Why does this spam get past spamcop

elind · February 3, 2009

I'm not sure if I have asked this before, but can anyone explain how this spam got past spamcop?

http://www.spamcop.net/sc?id=z2583318867za...9d3f82ba6186eaz

I regularly receive a handful of spam that are not held by spamcop, but I also see the same basic spam in my held mail which may be in the hundreds per day (always to my spamcop address). There must be something in this one and others like it (addressed in this case to "asl" at spamcop, but many say "my name" at spamcop) that prevents it from being recognized as spam, even thought everything in the mail is obviously spam.

I do have one email address that my cleared mail is forwarded to and which is not filtered, but would not that be shown in the TO field if it was the one being used?
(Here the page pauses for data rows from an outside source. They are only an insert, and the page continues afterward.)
(* Let $T$ be a tree and $s\in C$ any scenario of $T$. Then $T$ has a prime broadcast center under $s$.
   Context: $T$ is a finite tree with vertex set $V(T)$, $|V(T)|=n$, and edge set $E(T)$. Each edge $(u,v)$ carries an interval $[w^-_{u,v},w^+_{u,v}]$ of non-negative reals. A scenario $s$ assigns to every edge $(u,v)$ a weight $w^s_{u,v}\in[w^-_{u,v},w^+_{u,v}]$; $C$ is the set of all scenarios. A constant $\rho>0$ (connection time) is fixed. Broadcast time (postal model): for a subtree $G$ of $T$ and $u\in V(G)$, $b^s(u,G)$ is defined recursively by $b^s(u,G)=0$ if $u$ has no neighbour in $G$; otherwise, if $v_1,\dots,v_h$ are the neighbours of $u$ in $G$ and $G_{v}$ denotes the component of $G-u$ containing $v$, then $b^s(u,G)=\min_{\pi}\max_{1\le k\le h}\big(k\rho+w^s_{u,v_{\pi(k)}}+b^s(v_{\pi(k)},G_{v_{\pi(k)}})\big)$, the minimum over all permutations $\pi$ of $\{1,\dots,h\}$. The set of broadcast centers under $s$ is $B^s=\{u\in V(T): b^s(u,T)\le b^s(v,T)\ \forall v\in V(T)\}$. For distinct $x,y\in V(T)$, $T_{x,y}$ denotes the component of $T-x$ containing $y$, and $\bar T_{x,y}$ denotes the subtree of $T$ induced by $V(T)\setminus V(T_{x,y})$ (it contains $x$). A vertex $\hat\kappa\in B^s$ is a prime broadcast center of $T$ under $s$ if $b^s(\hat\kappa,\bar T_{\hat\kappa,u})\ge b^s(u,\bar T_{u,\hat\kappa})$ for every neighbour $u$ of $\hat\kappa$ in $T$. *)

From mathcomp Require Import all_boot all_order all_algebra.
From mathcomp Require Import reals.
Set Implicit Arguments. Unset Strict Implicit. Unset Printing Implicit Defensive.
Import Order.TTheory GRing.Theory Num.Theory.
Local Open Scope ring_scope.

Section Broadcast.
Variable V : finType.

Definition simple_graph (e : rel V) : Prop :=
  (forall x y, e x y = e y x) /\ (forall x, ~~ e x x).
Definition graph_connected (e : rel V) : Prop := forall x y, connect e x y.
Definition graph_acyclic (e : rel V) : Prop :=
  forall (x : V) (p : seq V),
    uniq (x :: p) -> (2 <= size p)%N -> path e x p -> ~~ e (last x p) x.
Definition is_tree (e : rel V) : Prop :=
  [/\ (0 < #|V|)%N, simple_graph e, graph_connected e & graph_acyclic e].

Variable R : realType.

Definition is_scenario (e : rel V) (wlo wup s : V -> V -> R) : Prop :=
  (forall u v, s u v = s v u) /\
  (forall u v, e u v -> wlo u v <= s u v <= wup u v).

Definition seqmin (l : seq R) : R := foldr Num.min (head 0 l) l.
Definition seqmax (l : seq R) : R := foldr Num.max (head 0 l) l.

Definition restr (e : rel V) (A : {set V}) : rel V :=
  [rel a b | [&& e a b, a \in A & b \in A]].

Definition comp (e : rel V) (G : {set V}) (u v : V) : {set V} :=
  [set x | connect (restr e (G :\ u)) v x].

Definition nbrs (e : rel V) (G : {set V}) (u : V) : seq V :=
  enum [set v in G | e u v].

(* postal-model broadcast time, by recursion on a fuel bound;
   ordering p of the neighbours: the k-th (k = 1, 2, ...) is p_(k-1). *)
Fixpoint bt_aux (e : rel V) (rho : R) (s : V -> V -> R) (n : nat)
    (u : V) (G : {set V}) : R :=
  match n with
  | 0%N => 0
  | n'.+1 =>
      let N := nbrs e G u in
      if N is [::] then 0 else
      seqmin [seq seqmax (mkseq (fun k =>
                 let v := nth u p k in
                 k.+1%:R * rho + s u v + bt_aux e rho s n' v (comp e G u v))
               (size p))
             | p <- permutations N]
  end.

Definition btime (e : rel V) (rho : R) (s : V -> V -> R)
    (u : V) (G : {set V}) : R := bt_aux e rho s #|G| u G.

Definition Tsub (e : rel V) (x y : V) : {set V} := comp e setT x y.
Definition Tbar (e : rel V) (x y : V) : {set V} := ~: Tsub e x y.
rconner · February 3, 2009

I'm not sure if I have asked this before, but can anyone explain how this spam got past spamcop?
http://www.spamcop.net/sc?id=z2583318867za...9d3f82ba6186eaz

As you may or may not know, SpamCop filters mail primarily by checking its source IP address, specifically whether this address is on the SpamCop blocking list for very recent spam activity (past 24 hours). It appears that the source of this message was 189.106.161.246. I pasted it into the SpamCop web page to check on it. Apparently it went on the SCBL about 3 hours previously to this post (about 1900 GMT). Perhaps this was just after you reported it, maybe it was your report that put it over the top. So, give yourself a pat on the back.
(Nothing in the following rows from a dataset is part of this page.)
Theorem derivation_extends : [pchar L] =i pred0 ->
  exists E : L -> M,
    [/\ forall x y, E (x + y) = E x + E y,
        forall x y, E (x * y) = x *: E y + y *: E x &
        forall a, E (iota a) = D a].
Proof.
move=> charL.
pose P := [set G : set (dualnum M) | der_graph G \/ G = set0].
have chainP F : F `<=` P -> total_on F subset -> P (\bigcup_(X in F) X).
  move=> FP Ftot; have [ne|empty] := pselect ((\bigcup_(X in F) X) !=set0).
    by left; apply: der_graph_bigcup.
  by right; apply/seteqP; split => // z Uz; apply: empty; exists z.
have [A [PA Amax]] := Zorn_bigcup chainP.
have gA : der_graph A.
  case: PA => // A0; exfalso; apply: (Amax _ _ (or_introl der_graph_range)).
  by rewrite A0; split => // /(_ (iota 0, D 0)); apply; exists 0.
have totA y : exists m, A (y, m).
  apply: contrapT => noy; have [G' [gG' AG' [e G'e]]] := der_graph_adjoin charL y gA.
  by apply: (Amax G' _ (or_introl gG')); split => // G'A; apply: noy; exists e; apply: G'A.
pose E y := projT1 (cid (totA y)).
have AE y : A (y, E y) := projT2 (cid (totA y)).
have Eeq y m : A (y, m) -> E y = m.
  by move=> Aym; have [] := der_graph_eq gA (AE y) Aym erefl.
exists E; split.
- by move=> y z; apply: Eeq; exact: (der_graphD gA (AE y) (AE z)).
- by move=> y z; apply: Eeq; have := der_graphM gA (AE y) (AE z); rewrite dualnum_mulE.
- by move=> a; apply: Eeq; case: gA.
Qed.

End DerivationGraph.

Section PowerSeriesConstants.
Variables (k : fieldType) (n : nat).

Lemma psC_add a b : @psC k n (a + b) = psadd (psC a) (psC b).
Proof. by apply: funext => m; rewrite /psadd /psC; case: ifP; rewrite ?addr0. Qed.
I regularly receive a handful of spam that are not held by spamcop, but I also see the same basic spam in my held mail which may be in the hundreds per day (always to my spamcop address). There must be something in this one and others like it (addressed in this case to "asl" at spamcop, but many say "my name" at spamcop) that prevents it from being recognized as spam, even thought everything in the mail is obviously spam.
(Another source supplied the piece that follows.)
(* Define $\alpha\equiv\beta$ on $\mathrm{Form}$ by: $\vdash\alpha\to\beta$ and $\vdash\beta\to\alpha$ in the calculus $\mathcal{L}_\Delta$ below. Then (a) $\equiv$ is a congruence on $\mathrm{Form}$ regarded as an $\{\delta,\oplus,\neg,0\}$-algebra (with $\alpha\oplus\beta:=\neg\alpha\to\beta$ and $0:=\neg(\alpha_0\to\alpha_0)$ for a fixed formula $\alpha_0$); and (b) the quotient $\mathrm{Form}/{\equiv}$ is a $\delta$-algebra.
   Context: MV-algebras: algebras $(A,\oplus,\neg,0)$ of type $(2,1,0)$ with $(A,\oplus,0)$ a commutative monoid, $\neg\neg a=a$, $a\oplus\neg0=\neg0$, $\neg(\neg a\oplus b)\oplus b=\neg(\neg b\oplus a)\oplus a$; derived $1:=\neg0$, $a\odot b:=\neg(\neg a\oplus\neg b)$, $a\ominus b:=a\odot\neg b$, $a\vee b:=\neg(\neg a\oplus b)\oplus b$ (join of a lattice order $\le$), $d(a,b):=(a\ominus b)\oplus(b\ominus a)$. A $\delta$-algebra is an algebra $(A,\delta,\oplus,\neg,0)$ of type $(\omega,2,1,0)$ whose MV-reduct is an MV-algebra, satisfying, with $\tfrac12(x):=\delta(x,0,0,\dots)$: (i) $d(\delta(\vec x),\delta(x_1,0,0,\dots))=\delta(0,x_2,x_3,\dots)$; (ii) $\tfrac12(\delta(\vec x))=\delta(\tfrac12(x_1),\tfrac12(x_2),\dots)$; (iii) $\delta(x,x,\dots)=x$; (iv) $\delta(0,\vec x)=\tfrac12(\delta(\vec x))$; (v) $\delta(\vec x)\le\delta(x_1\oplus y_1,x_2\oplus y_2,\dots)$; (vi) $\tfrac12(x\ominus y)=\tfrac12(x)\ominus\tfrac12(y)$. Formulas: $\mathrm{Form}$ is the least set containing a fixed countably infinite set of propositional variables and closed under $\alpha\to\beta$, $\neg\alpha$, and $\delta(\langle\alpha_i\rangle)$ for every sequence $\langle\alpha_i\rangle=\alpha_1,\alpha_2,\dots$ indexed by $\omega$. Notation: $\langle\alpha\rangle$ is the constant sequence of value $\alpha$; $\alpha,\langle\beta_i\rangle$ is $\alpha,\beta_1,\beta_2,\dots$; $\langle\alpha_i\rangle_{i>1}$ is $\alpha_2,\alpha_3,\dots$; $\tfrac12\alpha:=\delta(\alpha,\langle\neg(\alpha\to\alpha)\rangle)$; a schema $\alpha\leftrightarrow\beta$ stands for the two schemas $\alpha\to\beta$ and $\beta\to\alpha$. The calculus $\mathcal{L}_\Delta$ has axiom schemata (for all formulas): (Ł1) $\alpha\to(\beta\to\alpha)$; (Ł2) $(\alpha\to\beta)\to((\beta\to\gamma)\to(\alpha\to\gamma))$; (Ł3) $((\alpha\to\beta)\to\beta)\to((\beta\to\alpha)\to\alpha)$; (Ł4) $(\neg\alpha\to\neg\beta)\to(\beta\to\alpha)$; (Δ1) $\neg(\delta(\langle\alpha_i\rangle)\to\tfrac12\alpha_1)\leftrightarrow\tfrac12\delta(\langle\alpha_i\rangle_{i>1})$; (Δ2) $\tfrac12\delta(\langle\alpha_i\rangle)\leftrightarrow\delta(\langle\tfrac12\alpha_i\rangle)$; (Δ3) $\delta(\langle\alpha\rangle)\leftrightarrow\alpha$; (Δ4) $\tfrac12\delta(\langle\alpha_i\rangle)\leftrightarrow\delta(\neg(\alpha\to\alpha),\langle\alpha_i\rangle)$; (Δ5) $\delta(\langle\alpha_i\rangle)\to\delta(\langle\neg\alpha_i\to\beta_i\rangle)$; (Δ6) $\tfrac12\neg(\alpha\to\beta)\leftrightarrow\neg(\tfrac12\alpha\to\tfrac12\beta)$; (Δ7) $\delta(\langle\alpha_i\to\beta_i\rangle)\to(\delta(\langle\alpha_i\rangle)\to\delta(\langle\beta_i\rangle))$. Rules: Modus Ponens (from $\alpha$ and $\alpha\to\beta$ infer $\beta$) and the $\delta$-rule (from $\alpha_i$ for all $i\in\omega$ infer $\delta(\langle\alpha_i\rangle)$). A proof of $\alpha$ from $\Theta\subseteq\mathrm{Form}$ is a sequence $(\alpha_i)_{i\in\eta+1}$ of formulas indexed by a successor ordinal $\eta+1$ with $\eta$ countable, such that $\alpha_\eta=\alpha$ and each member is an axiom, an element of $\Theta$, or obtained from earlier members by one of the rules. $\Theta^\vdash$ is the set of formulas provable from $\Theta$; $\vdash\alpha$ means $\alpha\in\emptyset^\vdash$. *)

From Stdlib Require Import ClassicalEpsilon.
Again, it is the origin IP address of the mailing that counts most heavily to SpamCop. Since spammers will send from many, many different machines and addresses in the course of single run, any given address is not going to be trapped until its spam activity reaches a certain volume (known only to the SCBL operators). SpamCop does examine other parts of the message via a SpamAsasssin filter, but according to your tracker this message only scored 2.5, below the typical threshold for declaring it to be spam. If there were more "spamminess" in the body of the message, it might have pushed this score up to the point where SpamCop would have detained it on this basis, even if the source IP were not blocklisted.

I do have one email address that my cleared mail is forwarded to and which is not filtered, but would not that be shown in the TO field if it was the one being used?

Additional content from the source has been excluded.